Items from a dataset:
┄┄┄┄┄┄┄┄┄┄

Lemma edge_pair_atom {v w : V} (h : E v w) : atom (edge_pair h).
Proof.
  intros x Hx. destruct (proj2_sig x) as [s [t [_ [_ [hst Hx_st]]]]].
  assert (Hsing : forall rho, proj1_sig x rho -> rho = sing v \/ rho = sing w).
  { intros rho hrho. pose proof (B0_component_nonempty x rho hrho) as hne.
    destruct (Hx rho hrho) as [tau [[-> | ->] hsub]]; [left | right];
      exact (subset_sing rho _ hne hsub). }
  apply B0_eq; intro rho. rewrite Hx_st. cbn.
  destruct (Hsing s (proj2 (Hx_st s) (or_introl eq_refl))) as [-> | ->],
           (Hsing t (proj2 (Hx_st t) (or_intror eq_refl))) as [-> | ->];
    solve [tauto | exfalso; eapply (triangle_free_irrefl Etri), hst; reflexivity].
Qed.

Lemma atom_ends (a : B0 E) :
  atom a -> exists v w, E v w /\ v <> w /\ forall u, incident u a <-> u = v \/ u = w.
Proof.
  intros [v [w [h ->]]]%atom_edge_pair. exists v, w. split; [exact h|]. split.
  - intros ->. exact (triangle_free_irrefl Etri w h).
  - apply incident_edge_pair.
Qed.

Lemma atom_incident_iff (a : B0 E) x y :
  atom a -> incident x a -> incident y a -> x <> y ->
  forall u, incident u a <-> u = x \/ u = y.
Proof.
  intros Ha hx hy nxy. destruct (atom_ends a Ha) as [v [w [_ [_ Hvw]]]].
  intro u. rewrite Hvw. rewrite Hvw in hx, hy.
  destruct hx as [-> | ->], hy as [-> | ->]; solve [tauto | now contradiction nxy].
Qed.

Lemma atom_edge (a : B0 E) x y :
  atom a -> incident x a -> incident y a -> x <> y -> E x y.
Proof.
  intros Ha hx hy nxy. destruct (atom_ends a Ha) as [v [w [h [_ Hvw]]]].
  rewrite Hvw in hx, hy.
  destruct hx as [-> | ->], hy as [-> | ->];
    solve [exact h | apply Esym, h | now contradiction nxy].
Qed.

Lemma atom_eq_of_incident2 (a b : B0 E) x y :
  atom a -> atom b -> incident x a -> incident y a -> incident x b -> incident y b ->
  x <> y -> a = b.
Proof.
  intros Ha Hb hxa hya hxb hyb nxy. apply (atom_eq a b Ha Hb). intro u.
  rewrite (atom_incident_iff a x y Ha hxa hya nxy u), (atom_incident_iff b x y Hb hxb hyb nxy u).
  tauto.
Qed.

Lemma atom_eq_edge_pair (a : B0 E) {v w : V} (h : E v w) :
  atom a -> incident v a -> incident w a -> a = edge_pair h.
Proof.
  intros Ha hva hwa. apply (atom_eq_of_incident2 a _ v w Ha (edge_pair_atom h) hva hwa).
  - apply incident_edge_pair. now left.
  - apply incident_edge_pair. now right.
  - intros ->. exact (triangle_free_irrefl Etri w h).
Qed.

Lemma atom_other_end (a : B0 E) v :
  atom a -> incident v a -> exists w, w <> v /\ forall u, incident u a <-> u = v \/ u = w.
Proof.
  intros Ha hv. destruct (atom_ends a Ha) as [p [q [_ [npq Hpq]]]].
  rewrite Hpq in hv. destruct hv as [-> | ->].
  - exists q. split; [exact (not_eq_sym npq) | exact Hpq].
  - exists p. split; [exact npq | intro u; rewrite Hpq; tauto].
Qed.

Lemma share_both_incident (a b c : B0 E) v :
  atom a -> atom b -> atom c -> a <> b -> incident v a -> incident v b ->
  share_vertex c a -> share_vertex c b -> incident v c.
Proof.
  intros Ha Hb Hc nab hva hvb [p [hpc hpa]] [q [hqc hqb]].
  apply NNPP; intro nvc.
  assert (nvp : v <> p) by (intros <-; contradiction).
  assert (nvq : v <> q) by (intros <-; contradiction).
  assert (npq : p <> q).
  { intros <-. apply nab. exact (atom_eq_of_incident2 a b v p Ha Hb hva hpa hvb hqb nvp). }
  exact (Etri v p q (atom_edge a v p Ha hva hpa nvp) (atom_edge c p q Hc hpc hqc npq)
              (atom_edge b v q Hb hvb hqb nvq)).
Qed.

(* Otherwise both ends of d lie in the other component, which with any vertex
   of this component spans a triangle. *)
Lemma atom_le_meets (d c : B0 E) sigma :
  atom d -> B0_le d c -> proj1_sig c sigma -> exists p, incident p d /\ sigma p.
Proof.
  intros Hd Hdc hsigma.
  destruct (proj2_sig c) as [s [t [[z hz] [[z' hz'] [hst Hc]]]]].
  destruct (atom_ends d Hd) as [p [q [Epq [_ Hpq]]]].
  assert (hp : incident p d) by (apply Hpq; now left).
  assert (hq : incident q d) by (apply Hpq; now right).
  assert (Hside : forall u, incident u d -> s u \/ t u).
  { intros u hu. destruct (incident_le d c u Hdc hu) as [tau [[-> | ->]%Hc htau]]; auto. }
  apply NNPP; intro Hnone.
  assert (Hout : forall u, incident u d -> ~ sigma u) by (intros u hu hs; apply Hnone; eauto).
  apply Hc in hsigma. destruct hsigma as [-> | ->].
  - destruct (Hside p hp) as [hps | hpt]; [exact (Hout p hp hps)|].
    destruct (Hside q hq) as [hqs | hqt]; [exact (Hout q hq hqs)|].
    exact (Etri z p q (hst z p hz hpt) Epq (hst z q hz hqt)).
  - destruct (Hside p hp) as [hps | hpt]; [|exact (Hout p hp hpt)].
    destruct (Hside q hq) as [hqs | hqt]; [|exact (Hout q hq hqt)].
    exact (Etri p q z' Epq (hst q z' hqs hz') (hst p z' hps hz')).
Qed.

Lemma pair_bounded_share (a b : B0 E) :
  atom a -> atom b -> pair_bounded a b -> share_vertex a b.
Proof.
  intros Ha Hb [c [Hac [Hbc Honly]]].
  destruct (proj2_sig c) as [s [t [_ [_ [hst Hc]]]]].
  destruct (atom_le_meets a c s Ha Hac) as [p [hpa hps]]; [apply Hc; now left|].
  destruct (atom_le_meets b c t Hb Hbc) as [q [hqb hqt]]; [apply Hc; now right|].
  pose proof (hst p q hps hqt) as h.
  assert (Hle : B0_le (edge_pair h) c)
    by (apply (edge_pair_le h c s t); auto; apply Hc; auto).
  destruct (Honly (edge_pair h) (edge_pair_atom h) Hle) as [<- | <-].
  - exists q. split; [apply incident_edge_pair; now right | exact hqb].
  - exists p. split; [exact hpa | apply incident_edge_pair; now left].
Qed.

(* For edges vw and vu the bound is {{v}, {w, u}}. *)
Lemma share_pair_bounded (a b : B0 E) :
  atom a -> atom b -> share_vertex a b -> pair_bounded a b.
Proof.
  intros Ha Hb [v [hva hvb]].
  destruct (atom_other_end a v Ha hva) as [w [nwv Hw]].
  destruct (atom_other_end b v Hb hvb) as [u [nuv Hu]].
  assert (hwa : incident w a) by (apply Hw; now right).
  assert (hub : incident u b) by (apply Hu; now right).
  assert (Evw := atom_edge a v w Ha hva hwa (not_eq_sym nwv)).
  assert (Evu := atom_edge b v u Hb hvb hub (not_eq_sym nuv)).
  set (W := fun z => z = w \/ z = u).
  assert (HW : forall z, W z -> E v z) by (intros z [-> | ->]; assumption).
  set (c := exist _ _ (star_is_B0 v W (ex_intro _ w (or_introl eq_refl)) HW) : B0 E).
  assert (hcv : proj1_sig c (sing v)) by (now left).
  assert (hcW : proj1_sig c W) by (now right).
  exists c. split; [|split].
  - rewrite (atom_eq_edge_pair a Evw Ha hva hwa).
    apply (edge_pair_le Evw c (sing v) W); [exact hcv | exact hcW | reflexivity | now left].
  - rewrite (atom_eq_edge_pair b Evu Hb hvb hub).
    apply (edge_pair_le Evu c (sing v) W); [exact hcv | exact hcW | reflexivity | now right].
  - intros d Hd Hdc.
    assert (Hdv : forall z, incident z d -> z = v \/ W z).
    { intros z hz. destruct (incident_le d c z Hdc hz) as [tau [[-> | ->] htau]]; auto. }
    destruct (atom_ends d Hd) as [p [q [Epq [npq Hpq]]]].
    assert (hp : incident p d) by (apply Hpq; now left).
    assert (hq : incident q d) by (apply Hpq; now right).
    destruct (Hdv p hp) as [-> | [-> | ->]], (Hdv q hq) as [-> | [-> | ->]];
      solve [ now contradiction npq
            | left; apply (atom_eq_of_incident2 d a v w); auto
            | right; apply (atom_eq_of_incident2 d b v u); auto
            | exfalso; apply (Etri v w u); auto
            | exfalso; apply (Etri v u w); auto ].
Qed.
(* Let $\mathcal{S}$ be a finite set of road segments and $y_1,\dots,y_N$ (collectively $y_{[N]}$) the routes of $N$ historical trips, each a nonempty set of distinct segments. For each $n$ and $s\in y_n$ one observes $T'_{n,s}=\theta_s+\varepsilon_{n,s}$, where the $\theta_s$ are i.i.d. with mean $\mu$ and variance $\tau^2>0$, independent of the errors; for each $n$ the errors $(\varepsilon_{n,s})_{s\in y_n}$ have mean $0$ and covariances $\sigma_{s,t}$; errors from different trips are independent. Fix a route $y$ and suppose $\sigma_{s,t}\ge0$ for all $s,t\in y$. Let $\hat\Theta^{\ast(\mathrm{seg})}_y$ be the optimal segment-based estimator, $\hat\Theta^{\ast(\mathrm{g\text{-}seg})}_y$ the optimal generalized segment-based estimator with the single super-segment partition $\mathscr{S}_y=\{y\}$, and $\hat\Theta^{\ast(\mathrm{route})}_y$ the optimal route-based estimator with neighborhood $\delta(y)=\{y_n:y_n=y\}$. Then for any set of historical routes, $$R\big(\hat\Theta^{\ast(\mathrm{seg})}_y\mid y_{[N]}\big)\le R\big(\hat\Theta^{\ast(\mathrm{g\text{-}seg})}_y\mid y_{[N]}\big)\le R\big(\hat\Theta^{\ast(\mathrm{route})}_y\mid y_{[N]}\big).$$
   Context: Convention $0/0=0$. $N_s=|\{n:s\in y_n\}|$; for a set $S$ of segments $N_S=|\{n:S\subseteq y_n\}|$; $M_{\delta(y)}=\sum_n\mathbf 1\{y_n\in\delta(y)\}$. The integrated risk is $R(\hat\Theta_y\mid y_{[N]})=\mathbb{E}[(\hat\Theta_y-\sum_{s\in y}\theta_s)^2\mid y_{[N]}]$, expectation over errors and prior of $\theta$, conditional on the historical routes. Segment-based estimator: $\sum_{s\in y}[(1-\phi_s(N_s))\mu+\phi_s(N_s)\sum_{n:s\in y_n}T'_{n,s}/N_s]$, $\phi_s(0)=0$. Generalized segment-based estimator with partition $\mathscr{S}_y$ of $y$ into disjoint nonempty super-segments: $\sum_{S\in\mathscr{S}_y}[(1-\phi_S(N_S))|S|\mu+\phi_S(N_S)\sum_{n:S\subseteq y_n}\sum_{s\in S}T'_{n,s}/N_S]$, $\phi_S(0)=0$. Route-based estimator with neighborhood $\delta(y)$ (a set of historical routes): $(1-\phi_{\delta(y)}(M_{\delta(y)}))|y|\mu+\phi_{\delta(y)}(M_{\delta(y)})\sum_{n:y_n\in\delta(y)}\sum_{s\in y_n}T'_{n,s}/M_{\delta(y)}$, $\phi_{\delta(y)}(0)=0$. In each class, ''optimal'' means the weights are chosen to minimize the integrated risk. *)

From HB Require Import structures.
From mathcomp Require Import all_boot all_order all_algebra.
From mathcomp Require Import all_classical all_reals all_analysis.
Set Implicit Arguments. Unset Strict Implicit. Unset Printing Implicit Defensive.
Import Order.TTheory GRing.Theory Num.Theory.
Local Open Scope classical_set_scope.
Local Open Scope ring_scope.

┄┄┄┄┄┄┄┄┄┄

Exercise prompt –
Among the preceding records, how many lines include the word "mathcomp"? Reply with the number only.

Solution to the exercise –
2